▶ [Exercise materials]

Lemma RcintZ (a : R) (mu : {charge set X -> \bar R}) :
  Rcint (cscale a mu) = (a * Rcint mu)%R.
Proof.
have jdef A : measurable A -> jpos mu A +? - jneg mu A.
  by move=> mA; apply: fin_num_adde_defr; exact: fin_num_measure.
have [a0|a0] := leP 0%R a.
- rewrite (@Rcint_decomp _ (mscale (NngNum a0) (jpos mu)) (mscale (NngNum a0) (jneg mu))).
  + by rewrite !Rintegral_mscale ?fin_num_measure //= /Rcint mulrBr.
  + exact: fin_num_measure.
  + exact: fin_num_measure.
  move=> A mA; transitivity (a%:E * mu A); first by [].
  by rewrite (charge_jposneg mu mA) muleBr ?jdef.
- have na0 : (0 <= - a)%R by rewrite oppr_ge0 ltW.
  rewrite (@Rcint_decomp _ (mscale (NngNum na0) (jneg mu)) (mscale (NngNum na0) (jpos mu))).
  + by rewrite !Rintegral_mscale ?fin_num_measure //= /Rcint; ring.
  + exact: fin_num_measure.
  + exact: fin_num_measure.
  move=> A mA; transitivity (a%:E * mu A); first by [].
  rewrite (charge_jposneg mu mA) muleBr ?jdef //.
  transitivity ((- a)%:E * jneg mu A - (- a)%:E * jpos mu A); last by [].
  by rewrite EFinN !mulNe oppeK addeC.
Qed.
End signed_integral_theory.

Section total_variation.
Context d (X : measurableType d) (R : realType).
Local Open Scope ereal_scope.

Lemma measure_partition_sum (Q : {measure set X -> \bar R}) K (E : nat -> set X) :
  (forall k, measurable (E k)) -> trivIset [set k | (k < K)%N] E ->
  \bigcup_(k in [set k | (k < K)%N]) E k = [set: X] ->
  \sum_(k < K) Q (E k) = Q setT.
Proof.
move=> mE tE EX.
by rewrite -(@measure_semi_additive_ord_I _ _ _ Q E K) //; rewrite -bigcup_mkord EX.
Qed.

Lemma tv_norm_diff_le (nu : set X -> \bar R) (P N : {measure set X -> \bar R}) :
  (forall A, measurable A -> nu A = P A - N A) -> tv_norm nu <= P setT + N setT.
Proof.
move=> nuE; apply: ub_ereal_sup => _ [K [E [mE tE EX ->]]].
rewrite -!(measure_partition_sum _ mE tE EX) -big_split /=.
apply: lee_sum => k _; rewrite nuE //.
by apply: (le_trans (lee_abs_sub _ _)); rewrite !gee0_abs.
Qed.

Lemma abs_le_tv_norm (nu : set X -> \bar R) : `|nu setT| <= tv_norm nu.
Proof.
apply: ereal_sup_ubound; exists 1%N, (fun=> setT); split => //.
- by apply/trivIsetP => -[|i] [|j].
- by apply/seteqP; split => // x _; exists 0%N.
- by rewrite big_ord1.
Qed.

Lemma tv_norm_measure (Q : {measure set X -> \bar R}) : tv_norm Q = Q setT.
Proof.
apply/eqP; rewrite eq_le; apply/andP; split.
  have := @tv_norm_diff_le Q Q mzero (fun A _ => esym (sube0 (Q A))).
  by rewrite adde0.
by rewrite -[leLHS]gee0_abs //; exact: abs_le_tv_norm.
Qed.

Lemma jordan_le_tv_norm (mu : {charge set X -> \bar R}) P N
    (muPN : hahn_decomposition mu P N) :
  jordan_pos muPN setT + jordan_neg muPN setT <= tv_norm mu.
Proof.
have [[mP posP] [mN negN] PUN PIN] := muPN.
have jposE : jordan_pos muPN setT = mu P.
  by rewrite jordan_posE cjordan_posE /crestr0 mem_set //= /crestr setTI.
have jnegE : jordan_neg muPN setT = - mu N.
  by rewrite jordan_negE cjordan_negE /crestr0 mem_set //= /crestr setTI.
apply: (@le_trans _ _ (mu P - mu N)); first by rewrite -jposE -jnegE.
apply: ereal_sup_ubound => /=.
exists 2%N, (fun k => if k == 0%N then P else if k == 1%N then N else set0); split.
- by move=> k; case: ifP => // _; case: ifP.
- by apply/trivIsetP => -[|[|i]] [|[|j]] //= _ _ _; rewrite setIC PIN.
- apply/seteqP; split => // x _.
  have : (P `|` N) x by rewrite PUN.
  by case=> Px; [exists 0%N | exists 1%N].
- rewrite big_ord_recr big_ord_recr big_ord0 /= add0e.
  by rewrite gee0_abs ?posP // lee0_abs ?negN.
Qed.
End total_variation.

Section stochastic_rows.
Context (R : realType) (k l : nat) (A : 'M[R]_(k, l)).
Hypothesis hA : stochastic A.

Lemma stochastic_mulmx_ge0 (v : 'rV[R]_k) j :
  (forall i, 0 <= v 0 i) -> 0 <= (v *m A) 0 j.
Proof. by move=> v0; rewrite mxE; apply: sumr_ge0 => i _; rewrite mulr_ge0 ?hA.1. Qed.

---

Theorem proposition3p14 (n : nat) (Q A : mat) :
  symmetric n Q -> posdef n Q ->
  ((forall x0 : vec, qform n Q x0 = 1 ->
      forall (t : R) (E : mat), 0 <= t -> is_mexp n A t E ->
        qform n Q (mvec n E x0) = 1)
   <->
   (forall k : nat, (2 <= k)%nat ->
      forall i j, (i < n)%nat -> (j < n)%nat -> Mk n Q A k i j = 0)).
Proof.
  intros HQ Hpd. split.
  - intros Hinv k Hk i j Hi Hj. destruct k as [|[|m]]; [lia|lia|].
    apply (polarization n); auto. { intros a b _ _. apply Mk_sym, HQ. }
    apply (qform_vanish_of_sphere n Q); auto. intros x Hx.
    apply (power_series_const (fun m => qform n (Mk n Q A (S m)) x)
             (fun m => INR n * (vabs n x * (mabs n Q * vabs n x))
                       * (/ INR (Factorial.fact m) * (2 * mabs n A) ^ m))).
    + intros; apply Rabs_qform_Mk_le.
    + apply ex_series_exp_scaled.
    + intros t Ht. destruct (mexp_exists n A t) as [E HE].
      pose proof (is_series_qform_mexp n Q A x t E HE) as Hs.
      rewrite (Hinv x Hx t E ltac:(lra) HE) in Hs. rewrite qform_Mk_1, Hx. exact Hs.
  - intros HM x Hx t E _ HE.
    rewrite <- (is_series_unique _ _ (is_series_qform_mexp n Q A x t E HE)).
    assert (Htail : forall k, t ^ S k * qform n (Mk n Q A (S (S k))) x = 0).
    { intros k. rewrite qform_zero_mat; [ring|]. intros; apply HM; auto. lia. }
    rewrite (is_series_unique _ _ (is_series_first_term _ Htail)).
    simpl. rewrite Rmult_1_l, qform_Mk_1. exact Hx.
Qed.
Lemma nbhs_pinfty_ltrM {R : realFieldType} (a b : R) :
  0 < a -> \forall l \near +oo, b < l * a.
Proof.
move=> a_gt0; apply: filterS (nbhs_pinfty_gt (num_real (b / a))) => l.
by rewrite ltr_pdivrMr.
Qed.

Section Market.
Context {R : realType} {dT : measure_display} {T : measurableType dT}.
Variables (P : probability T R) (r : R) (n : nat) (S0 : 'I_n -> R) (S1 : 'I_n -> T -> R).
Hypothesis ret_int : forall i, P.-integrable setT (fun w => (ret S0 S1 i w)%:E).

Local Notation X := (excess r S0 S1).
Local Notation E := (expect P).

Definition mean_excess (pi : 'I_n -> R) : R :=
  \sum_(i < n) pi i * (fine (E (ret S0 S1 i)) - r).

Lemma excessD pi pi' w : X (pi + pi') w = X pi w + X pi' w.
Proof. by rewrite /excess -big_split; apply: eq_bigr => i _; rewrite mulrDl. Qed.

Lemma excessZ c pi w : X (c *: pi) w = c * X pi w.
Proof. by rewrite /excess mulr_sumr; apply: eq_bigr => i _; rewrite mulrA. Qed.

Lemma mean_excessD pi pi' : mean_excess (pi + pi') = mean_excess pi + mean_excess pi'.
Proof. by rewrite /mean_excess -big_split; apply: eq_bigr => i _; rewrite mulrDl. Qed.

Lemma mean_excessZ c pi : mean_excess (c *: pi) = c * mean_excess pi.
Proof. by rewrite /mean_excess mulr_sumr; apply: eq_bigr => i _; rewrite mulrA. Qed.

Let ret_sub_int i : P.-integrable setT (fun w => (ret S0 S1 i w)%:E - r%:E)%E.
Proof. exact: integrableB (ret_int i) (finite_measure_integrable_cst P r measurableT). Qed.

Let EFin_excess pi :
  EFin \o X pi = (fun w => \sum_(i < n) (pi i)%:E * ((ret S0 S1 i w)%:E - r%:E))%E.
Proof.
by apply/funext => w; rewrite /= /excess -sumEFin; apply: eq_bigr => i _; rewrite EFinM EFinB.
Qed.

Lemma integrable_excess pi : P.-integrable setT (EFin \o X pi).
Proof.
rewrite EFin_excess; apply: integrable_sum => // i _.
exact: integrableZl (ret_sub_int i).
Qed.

▶ [Prompt]
Please return each line of the listing above that contains "destruct".

▶ [Answer for the task]
  - intros Hinv k Hk i j Hi Hj. destruct k as [|[|m]]; [lia|lia|].
    + intros t Ht. destruct (mexp_exists n A t) as [E HE].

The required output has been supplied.